### PROVIDED MATERIAL
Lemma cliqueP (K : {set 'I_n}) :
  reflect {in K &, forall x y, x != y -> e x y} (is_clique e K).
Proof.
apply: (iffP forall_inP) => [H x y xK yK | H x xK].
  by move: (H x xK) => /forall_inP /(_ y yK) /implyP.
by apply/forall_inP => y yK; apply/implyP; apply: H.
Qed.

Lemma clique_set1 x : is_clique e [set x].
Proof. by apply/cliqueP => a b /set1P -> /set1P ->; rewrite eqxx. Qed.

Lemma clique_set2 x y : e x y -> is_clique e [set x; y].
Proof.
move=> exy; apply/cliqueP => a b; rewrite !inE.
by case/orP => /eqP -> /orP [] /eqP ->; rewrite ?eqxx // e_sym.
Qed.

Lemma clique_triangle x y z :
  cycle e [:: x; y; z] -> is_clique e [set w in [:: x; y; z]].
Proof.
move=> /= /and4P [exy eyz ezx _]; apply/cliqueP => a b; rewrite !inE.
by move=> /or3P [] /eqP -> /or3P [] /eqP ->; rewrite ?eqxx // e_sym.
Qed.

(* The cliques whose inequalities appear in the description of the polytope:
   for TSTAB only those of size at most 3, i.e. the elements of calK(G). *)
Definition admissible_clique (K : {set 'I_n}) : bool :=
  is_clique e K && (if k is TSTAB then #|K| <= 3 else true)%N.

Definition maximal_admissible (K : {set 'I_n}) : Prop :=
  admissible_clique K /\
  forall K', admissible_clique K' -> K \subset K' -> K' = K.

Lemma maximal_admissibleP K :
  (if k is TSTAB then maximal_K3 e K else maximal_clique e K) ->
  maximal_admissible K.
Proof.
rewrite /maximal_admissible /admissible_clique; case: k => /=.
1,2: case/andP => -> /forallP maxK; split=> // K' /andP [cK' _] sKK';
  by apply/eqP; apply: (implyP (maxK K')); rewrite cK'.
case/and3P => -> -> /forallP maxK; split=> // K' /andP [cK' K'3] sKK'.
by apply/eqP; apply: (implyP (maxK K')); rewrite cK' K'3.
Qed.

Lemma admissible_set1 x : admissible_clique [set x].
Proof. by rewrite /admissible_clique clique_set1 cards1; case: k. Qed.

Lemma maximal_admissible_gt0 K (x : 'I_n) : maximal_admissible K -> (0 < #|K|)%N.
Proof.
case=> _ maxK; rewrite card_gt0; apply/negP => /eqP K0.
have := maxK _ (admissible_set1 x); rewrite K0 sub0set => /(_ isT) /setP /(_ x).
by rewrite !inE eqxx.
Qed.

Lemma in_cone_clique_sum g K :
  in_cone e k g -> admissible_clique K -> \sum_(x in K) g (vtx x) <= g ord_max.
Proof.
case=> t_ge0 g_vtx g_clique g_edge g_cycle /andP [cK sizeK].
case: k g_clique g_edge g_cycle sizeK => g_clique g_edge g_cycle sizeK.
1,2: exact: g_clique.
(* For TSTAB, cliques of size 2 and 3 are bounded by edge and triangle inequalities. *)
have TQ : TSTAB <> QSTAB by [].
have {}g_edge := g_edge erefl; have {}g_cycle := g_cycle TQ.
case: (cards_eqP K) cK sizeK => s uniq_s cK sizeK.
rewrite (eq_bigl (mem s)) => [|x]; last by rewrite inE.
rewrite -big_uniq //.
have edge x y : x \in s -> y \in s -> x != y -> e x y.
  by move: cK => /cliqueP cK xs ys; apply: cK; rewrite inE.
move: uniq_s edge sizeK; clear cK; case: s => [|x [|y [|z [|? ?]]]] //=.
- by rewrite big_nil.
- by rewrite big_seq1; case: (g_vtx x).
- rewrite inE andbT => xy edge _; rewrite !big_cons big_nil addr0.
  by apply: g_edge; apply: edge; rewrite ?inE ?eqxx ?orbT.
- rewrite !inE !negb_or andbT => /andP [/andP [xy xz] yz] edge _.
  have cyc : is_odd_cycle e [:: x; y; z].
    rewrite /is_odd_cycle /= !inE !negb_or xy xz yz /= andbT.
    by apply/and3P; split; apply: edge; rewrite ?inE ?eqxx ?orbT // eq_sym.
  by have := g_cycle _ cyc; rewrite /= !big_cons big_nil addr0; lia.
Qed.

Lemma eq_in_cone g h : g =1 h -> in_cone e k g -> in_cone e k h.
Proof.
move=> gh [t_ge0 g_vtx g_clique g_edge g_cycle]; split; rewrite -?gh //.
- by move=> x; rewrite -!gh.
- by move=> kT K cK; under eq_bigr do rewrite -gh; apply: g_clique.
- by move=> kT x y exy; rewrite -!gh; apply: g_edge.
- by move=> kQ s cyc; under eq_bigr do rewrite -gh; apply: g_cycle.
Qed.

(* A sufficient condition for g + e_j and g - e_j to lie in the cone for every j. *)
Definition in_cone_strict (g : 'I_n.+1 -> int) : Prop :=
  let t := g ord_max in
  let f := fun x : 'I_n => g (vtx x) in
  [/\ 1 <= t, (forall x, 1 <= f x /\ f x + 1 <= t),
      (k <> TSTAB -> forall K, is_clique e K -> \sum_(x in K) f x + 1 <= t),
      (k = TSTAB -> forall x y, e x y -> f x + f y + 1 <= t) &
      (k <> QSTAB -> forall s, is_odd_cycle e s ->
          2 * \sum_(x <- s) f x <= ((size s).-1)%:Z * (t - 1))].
######
Return the records above verbatim, in their entirety.

PROBLEM SOLUTION>
Lemma cliqueP (K : {set 'I_n}) :
  reflect {in K &, forall x y, x != y -> e x y} (is_clique e K).
Proof.
apply: (iffP forall_inP) => [H x y xK yK | H x xK].
  by move: (H x xK) => /forall_inP /(_ y yK) /implyP.
by apply/forall_inP => y yK; apply/implyP; apply: H.
Qed.

Lemma clique_set1 x : is_clique e [set x].
Proof. by apply/cliqueP => a b /set1P -> /set1P ->; rewrite eqxx. Qed.

Lemma clique_set2 x y : e x y -> is_clique e [set x; y].
Proof.
move=> exy; apply/cliqueP => a b; rewrite !inE.
by case/orP => /eqP -> /orP [] /eqP ->; rewrite ?eqxx // e_sym.
Qed.

Lemma clique_triangle x y z :
  cycle e [:: x; y; z] -> is_clique e [set w in [:: x; y; z]].
Proof.
move=> /= /and4P [exy eyz ezx _]; apply/cliqueP => a b; rewrite !inE.
by move=> /or3P [] /eqP -> /or3P [] /eqP ->; rewrite ?eqxx // e_sym.
Qed.

(* The cliques whose inequalities appear in the description of the polytope:
   for TSTAB only those of size at most 3, i.e. the elements of calK(G). *)
Definition admissible_clique (K : {set 'I_n}) : bool :=
  is_clique e K && (if k is TSTAB then #|K| <= 3 else true)%N.

Definition maximal_admissible (K : {set 'I_n}) : Prop :=
  admissible_clique K /\
  forall K', admissible_clique K' -> K \subset K' -> K' = K.

Lemma maximal_admissibleP K :
  (if k is TSTAB then maximal_K3 e K else maximal_clique e K) ->
  maximal_admissible K.
Proof.
rewrite /maximal_admissible /admissible_clique; case: k => /=.
1,2: case/andP => -> /forallP maxK; split=> // K' /andP [cK' _] sKK';
  by apply/eqP; apply: (implyP (maxK K')); rewrite cK'.
case/and3P => -> -> /forallP maxK; split=> // K' /andP [cK' K'3] sKK'.
by apply/eqP; apply: (implyP (maxK K')); rewrite cK' K'3.
Qed.

Lemma admissible_set1 x : admissible_clique [set x].
Proof. by rewrite /admissible_clique clique_set1 cards1; case: k. Qed.

Lemma maximal_admissible_gt0 K (x : 'I_n) : maximal_admissible K -> (0 < #|K|)%N.
Proof.
case=> _ maxK; rewrite card_gt0; apply/negP => /eqP K0.
have := maxK _ (admissible_set1 x); rewrite K0 sub0set => /(_ isT) /setP /(_ x).
by rewrite !inE eqxx.
Qed.

Lemma in_cone_clique_sum g K :
  in_cone e k g -> admissible_clique K -> \sum_(x in K) g (vtx x) <= g ord_max.
Proof.
case=> t_ge0 g_vtx g_clique g_edge g_cycle /andP [cK sizeK].
case: k g_clique g_edge g_cycle sizeK => g_clique g_edge g_cycle sizeK.
1,2: exact: g_clique.
(* For TSTAB, cliques of size 2 and 3 are bounded by edge and triangle inequalities. *)
have TQ : TSTAB <> QSTAB by [].
have {}g_edge := g_edge erefl; have {}g_cycle := g_cycle TQ.
case: (cards_eqP K) cK sizeK => s uniq_s cK sizeK.
rewrite (eq_bigl (mem s)) => [|x]; last by rewrite inE.
rewrite -big_uniq //.
have edge x y : x \in s -> y \in s -> x != y -> e x y.
  by move: cK => /cliqueP cK xs ys; apply: cK; rewrite inE.
move: uniq_s edge sizeK; clear cK; case: s => [|x [|y [|z [|? ?]]]] //=.
- by rewrite big_nil.
- by rewrite big_seq1; case: (g_vtx x).
- rewrite inE andbT => xy edge _; rewrite !big_cons big_nil addr0.
  by apply: g_edge; apply: edge; rewrite ?inE ?eqxx ?orbT.
- rewrite !inE !negb_or andbT => /andP [/andP [xy xz] yz] edge _.
  have cyc : is_odd_cycle e [:: x; y; z].
    rewrite /is_odd_cycle /= !inE !negb_or xy xz yz /= andbT.
    by apply/and3P; split; apply: edge; rewrite ?inE ?eqxx ?orbT // eq_sym.
  by have := g_cycle _ cyc; rewrite /= !big_cons big_nil addr0; lia.
Qed.

Lemma eq_in_cone g h : g =1 h -> in_cone e k g -> in_cone e k h.
Proof.
move=> gh [t_ge0 g_vtx g_clique g_edge g_cycle]; split; rewrite -?gh //.
- by move=> x; rewrite -!gh.
- by move=> kT K cK; under eq_bigr do rewrite -gh; apply: g_clique.
- by move=> kT x y exy; rewrite -!gh; apply: g_edge.
- by move=> kQ s cyc; under eq_bigr do rewrite -gh; apply: g_cycle.
Qed.

(* A sufficient condition for g + e_j and g - e_j to lie in the cone for every j. *)
Definition in_cone_strict (g : 'I_n.+1 -> int) : Prop :=
  let t := g ord_max in
  let f := fun x : 'I_n => g (vtx x) in
  [/\ 1 <= t, (forall x, 1 <= f x /\ f x + 1 <= t),
      (k <> TSTAB -> forall K, is_clique e K -> \sum_(x in K) f x + 1 <= t),
      (k = TSTAB -> forall x y, e x y -> f x + f y + 1 <= t) &
      (k <> QSTAB -> forall s, is_odd_cycle e s ->
          2 * \sum_(x <- s) f x <= ((size s).-1)%:Z * (t - 1))].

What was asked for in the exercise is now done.